● **Task**: Print exactly those lines that run from the beginning of the data to the line bearing "rewrite [RHS](bigID (incident", inclusive.

+++

Lemma cut_size_liftK C : C \in QP U -> C != [set v] -> cut_size (liftK C) = 3.
Proof.
move=> CQ Cv.
have vC : v \notin C.
  by apply: contra Cv => vC; rewrite (QP_compE CQ vC) -(QP_compE vQP (set11 v)).
have nbC f : incident v f -> other v f \notin C.
  by move=> fv; apply: contraL (adj_v_in_U (adj_other fv)); apply: QP_notin.
rewrite -(quasi_bipartite_cut_QP qbK CQ) /cut_size !big_sumType /=.
rewrite [X in X + _ + _]big1 ?add0n; last by move=> g _; rewrite !inE.
rewrite [X in _ + X]big1 ?addn0; last first.
  by move=> d _; rewrite !inE /= (negbTE (nbC _ (valP (sigma d)))).
rewrite [RHS](bigID (incident v)) /= [X in _ = X + _]big1 ?add0n; last first.
  move=> f fv; move: fv (nbC f fv); rewrite /other /incident.
  case: (eqVneq (src f) v) => [-> _ /negbTE -> | _ /eqP tv /negbTE ->].
    by rewrite (negbTE vC).
  by rewrite tv (negbTE vC).
by rewrite (big_sub (fun f => ~~ incident v f)); apply: eq_bigr => g _; rewrite !inE.
Qed.

Lemma quasi_bipartite_sum3 : two_connected H -> cubic H -> bijective sigma ->
  quasi_bipartite_with (liftK U).
Proof.
move=> tcH cubH sbij; have [tcK cubK _ _ _] := qbK.
have cubG := cubic_sum3 cubH cubK sbij; split=> //.
- exact: two_connected_sum3.
- exact: independent_liftK.
- exact: card_liftK.
split; last exact: independent_bipartite_parts independent_liftK.
apply/cubic_contractionE => B; rewrite inE => /orP[/imsetP[z zU ->]|].
  by rewrite (cut_size_set1 independent_liftK zU) cubG.
rewrite QP_sum3 // in_setU1 => /orP[/eqP ->|/imsetP[C]]; first exact: cut_size_H_side.
by rewrite inE => /andP[CQ Cv] ->; apply: cut_size_liftK.
Qed.
End ThreeSum.
Lemma friendship_ts_book : graph_iso friendship (@ts_adj _ book 2).
Proof.
exists (fun o => exist (is_kclique book 2) _ (book_edge_kclique o)); split.
  apply: inj_surj_bij; first by move=> x y /(congr1 val) /book_edge_inj.
  move=> [A HA]; have [o Eo] := book_edge_surj HA.
  by exists o; apply: val_inj; rewrite /= Eo.
by move=> x y; rewrite ts_adjE ts_step_book_edge.
Qed.

Definition friendship_ord (o : option (bool * 'I_p)) : 'I_(p.*2.+1) :=
  if o is Some (b, i) then inord (b + i.*2).+1 else ord0.

Lemma friendship_ordE b i : val (friendship_ord (Some (b, i))) = (b + (nat_of_ord i).*2).+1.
Proof. by rewrite /= inordK //; move: (ltn_ord i); case: b; lia. Qed.

Lemma friendship_Fp : graph_iso friendship (Fp p).
Proof.
exists friendship_ord; split.
  apply: inj_surj_bij.
  - move=> [[a i]|] [[b j]|] /eqP; rewrite -val_eqE ?friendship_ordE //= eqSS => /eqP E.
    have ij : nat_of_ord i = j by case: a E; case: b; lia.
    have ab : a = b by case: a E; case: b => //= E; lia.
    by rewrite ab (val_inj ij).
  - move=> x; case: (eqVneq (val x) 0) => [x0|x0].
      by exists None; apply: val_inj; rewrite x0.
    have x0' : nat_of_ord x != 0 := x0.
    have half_lt : (x.-1)./2 < p by move: (ltn_ord x) x0'; lia.
    exists (Some (odd x.-1, Ordinal half_lt)); apply: val_inj.
    by rewrite friendship_ordE /= odd_double_half prednK // lt0n.
move=> [[a i]|] [[b j]|]; rewrite /Fp -val_eqE ?friendship_ordE //=.
rewrite !half_bit_double eqSS.
case: (eqVneq i j) => [<-|ij]; rewrite ?andbT ?andbF.
- by rewrite eqxx andbT eqn_add2r; case: a; case: b.
- by rewrite val_eqE (negbTE ij) andbF.
Qed.

End Friendship.

Lemma KTS_Fp2 p : KTS (Fp p) 2.
Proof.
apply: (KTS_iso (graph_iso_sym (@friendship_Fp p))).
by split=> //; exists _, (@book p); split; [apply: book_simple | apply: friendship_ts_book].
Qed.

Lemma KTS_triangle_free (V : finType) (eG : rel V) a b : simple_graph eG -> eG a b ->
  (forall x y z, eG x y -> eG y z -> eG x z -> False) -> forall k, KTS eG k <-> k = 1.
Proof.
move=> sG ab triangle_free k; split=> [kts|->]; last exact: KTS_1.
have [k1 _] := kts; case: (ltnP k 2) => k2; first by lia.
have [c [ac bc]] := KTS_edge_triangle k2 kts ab.
by case: (triangle_free a b c).
Qed.

Lemma KTS_Kn n : 3 <= n -> forall k, KTS (Kn n) k <-> k = 1 \/ k = n - 1.
Proof.
move=> n3 k; split=> [kts|[->|->]]; [|exact: KTS_1 (Kn_simple n)|apply: KTS_Kn_pred; lia].
have [k1 _] := kts; case: (ltnP k 2) => k2; first by left; lia.
have n0 : 0 < n by lia. have n1 : 1 < n by lia.
have := KTS_complete_card (a := Ordinal n0) (b := Ordinal n1) k2 kts (fun x y => erefl) isT.
by rewrite card_ord => ->; right; lia.
Qed.

Lemma K2_triangle_free (x y z : 'I_2) : Kn 2 x y -> Kn 2 y z -> Kn 2 x z -> False.
Proof. by rewrite /Kn -!val_eqE /=; move: (ltn_ord x) (ltn_ord y) (ltn_ord z); lia. Qed.

Lemma Pn_simple n : simple_graph (Pn n).
Proof. by split=> [x y|x]; rewrite /Pn 1?orbC //; lia. Qed.

Lemma Pn_triangle_free n (x y z : 'I_n) : Pn n x y -> Pn n y z -> Pn n x z -> False.
Proof. rewrite /Pn; lia. Qed.

Lemma Cn_simple n : simple_graph (Cn n).
Proof. by split=> [x y|x]; rewrite /Cn ?eqxx // eq_sym orbC. Qed.

Lemma modS_ord n (x y : 'I_n) :
  (x.+1 %% n == y) = (x.+1 == y) || (x.+1 == n) && (nat_of_ord y == 0).
Proof.
move: (ltn_ord x) (ltn_ord y) => xn yn.
case: (ltnP x.+1 n) => xn'; first by rewrite modn_small //; lia.
have -> : x.+1 = n by lia.
by rewrite modnn; lia.
Qed.

Lemma Cn_triangle_free n (x y z : 'I_n) : 4 <= n -> Cn n x y -> Cn n y z -> Cn n x z -> False.
Proof. by rewrite /Cn !modS_ord -!val_eqE; move: (ltn_ord x) (ltn_ord y) (ltn_ord z); lia. Qed.

Lemma Kmn_simple m n : simple_graph (Kmn m n).
Proof. by split=> [[x|x] [y|y]|[x|x]]. Qed.

Lemma Kmn_triangle_free m n (x y z : 'I_m + 'I_n) :
  Kmn m n x y -> Kmn m n y z -> Kmn m n x z -> False.
Proof. by case: x; case: y; case: z. Qed.

Lemma Bp_simple p : simple_graph (Bp p).
Proof. by split=> [x y|x]; rewrite /Bp ?eqxx // eq_sym orbC. Qed.

Lemma Bp1_K3 : Bp 1 =2 Kn 3.
Proof.
move=> x y; rewrite /Bp /Kn; case: (eqVneq x y) => //=; rewrite -val_eqE.
by move: (ltn_ord x) (ltn_ord y) => /=; lia.
Qed.

Lemma Fp_simple p : simple_graph (Fp p).
Proof.
split=> [x y|x]; rewrite /Fp ?eqxx // eq_sym; congr (_ && _).
by rewrite orbA (orbC (_ == 0)) -orbA (eq_sym ((y.-1)./2)).
Qed.

Lemma Fp_K4_free p (x y z w : 'I_(p.*2.+1)) : Fp p x y -> Fp p x z -> Fp p x w ->
  Fp p y z -> Fp p y w -> Fp p z w -> False.
Proof.
rewrite /Fp -!val_eqE /=; move: (nat_of_ord x) (nat_of_ord y) (nat_of_ord z) (nat_of_ord w).
move=> {}x {}y {}z {}w; case: (eqVneq x 0) => [->|x0]; case: (eqVneq y 0) => [->|y0];
  case: (eqVneq z 0) => [->|z0]; case: (eqVneq w 0) => [->|w0] /=; lia.
Qed.

Lemma KTS_Bp p : 2 <= p -> forall k, KTS (Bp p) k <-> k = 1.
Proof.
move=> p2 k; split=> [kts|->]; last exact: KTS_1 (Bp_simple p).
have [k1 _] := kts; case: (ltnP k 2) => k2; first by lia.
have i1 : 1 < p.+2 by lia. have i2 : 2 < p.+2 by lia. have i3 : 3 < p.+2 by lia.
suff : Bp p (inord 2) (inord 3) by rewrite /Bp -val_eqE /= !inordK.
apply: (KTS_diamond (a := ord0) (b := inord 1) k2 kts);
  rewrite /Bp -?val_eqE /= ?inordK // => x.
by rewrite -!val_eqE /= inordK //; lia.
Qed.

Lemma KTS_Fp p : 1 <= p -> forall k, KTS (Fp p) k <-> k = 1 \/ k = 2.
Proof.
move=> p1 k; split=> [kts|[->|->]]; [|exact: KTS_1 (Fp_simple p)|exact: KTS_Fp2].
have [k1 _] := kts; case: (ltnP k 3) => k3; first by lia.
have i1 : 1 < p.*2.+1 by lia.
have ab : Fp p ord0 (inord 1) by rewrite /Fp -val_eqE /= inordK.
have [c [d [ac bc ad bd cd]]] := KTS_edge_K4 k3 kts ab.
by case: (Fp_K4_free ab ac ad bc bd cd).
Qed.

Theorem theorem3p3 :
  (* (1) complete graphs *)
  (forall k, KTS (Kn 1) k <-> 1 <= k) /\
  (forall k, KTS (Kn 2) k <-> k = 1) /\
  (forall n, 3 <= n -> forall k, KTS (Kn n) k <-> k = 1 \/ k = n - 1) /\
  (* (2) paths, cycles, complete bipartite graphs *)
  (forall n, 2 <= n -> forall k, KTS (Pn n) k <-> k = 1) /\
  (forall n, 4 <= n -> forall k, KTS (Cn n) k <-> k = 1) /\
  (forall m n, 1 <= m -> 1 <= n -> forall k, KTS (Kmn m n) k <-> k = 1) /\
  (* (3) book graphs *)
  (forall k, KTS (Bp 1) k <-> k = 1 \/ k = 2) /\
  (forall p, 2 <= p -> forall k, KTS (Bp p) k <-> k = 1) /\
  (* (4) friendship graphs *)
  (forall p, 1 <= p -> forall k, KTS (Fp p) k <-> k = 1 \/ k = 2).
Proof.
split; first by move=> k; split=> [[]|]; last exact: KTS_K1.
split.
  by apply: (KTS_triangle_free (a := ord0) (b := ord_max) (Kn_simple 2)) => //;
    apply: K2_triangle_free.
split; first exact: KTS_Kn.
split.
  move=> n n2; have n0 : 0 < n by lia.
  by apply: (KTS_triangle_free (a := Ordinal n0) (b := Ordinal n2) (Pn_simple n)) => //;
    apply: Pn_triangle_free.
split.
  move=> n n4; have n0 : 0 < n by lia. have n1 : 1 < n by lia.
  apply: (KTS_triangle_free (a := Ordinal n0) (b := Ordinal n1) (Cn_simple n)).
    by rewrite /Cn modS_ord -val_eqE /=; lia.
  by move=> x y z; apply: Cn_triangle_free.
split.
  move=> m n m1 n1.
  by apply: (KTS_triangle_free (a := inl (Ordinal m1)) (b := inr (Ordinal n1)) (Kmn_simple m n))
    => //; apply: Kmn_triangle_free.
split.
  move=> k; rewrite -(KTS_Kn (n := 3)) //.
  by split; apply: KTS_iso; apply: graph_iso_eq => x y; rewrite Bp1_K3.
by split; [exact: KTS_Bp | exact: KTS_Fp].
Qed.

+++

● **The answer**:
Lemma cut_size_liftK C : C \in QP U -> C != [set v] -> cut_size (liftK C) = 3.
Proof.
move=> CQ Cv.
have vC : v \notin C.
  by apply: contra Cv => vC; rewrite (QP_compE CQ vC) -(QP_compE vQP (set11 v)).
have nbC f : incident v f -> other v f \notin C.
  by move=> fv; apply: contraL (adj_v_in_U (adj_other fv)); apply: QP_notin.
rewrite -(quasi_bipartite_cut_QP qbK CQ) /cut_size !big_sumType /=.
rewrite [X in X + _ + _]big1 ?add0n; last by move=> g _; rewrite !inE.
rewrite [X in _ + X]big1 ?addn0; last first.
  by move=> d _; rewrite !inE /= (negbTE (nbC _ (valP (sigma d)))).
rewrite [RHS](bigID (incident v)) /= [X in _ = X + _]big1 ?add0n; last first.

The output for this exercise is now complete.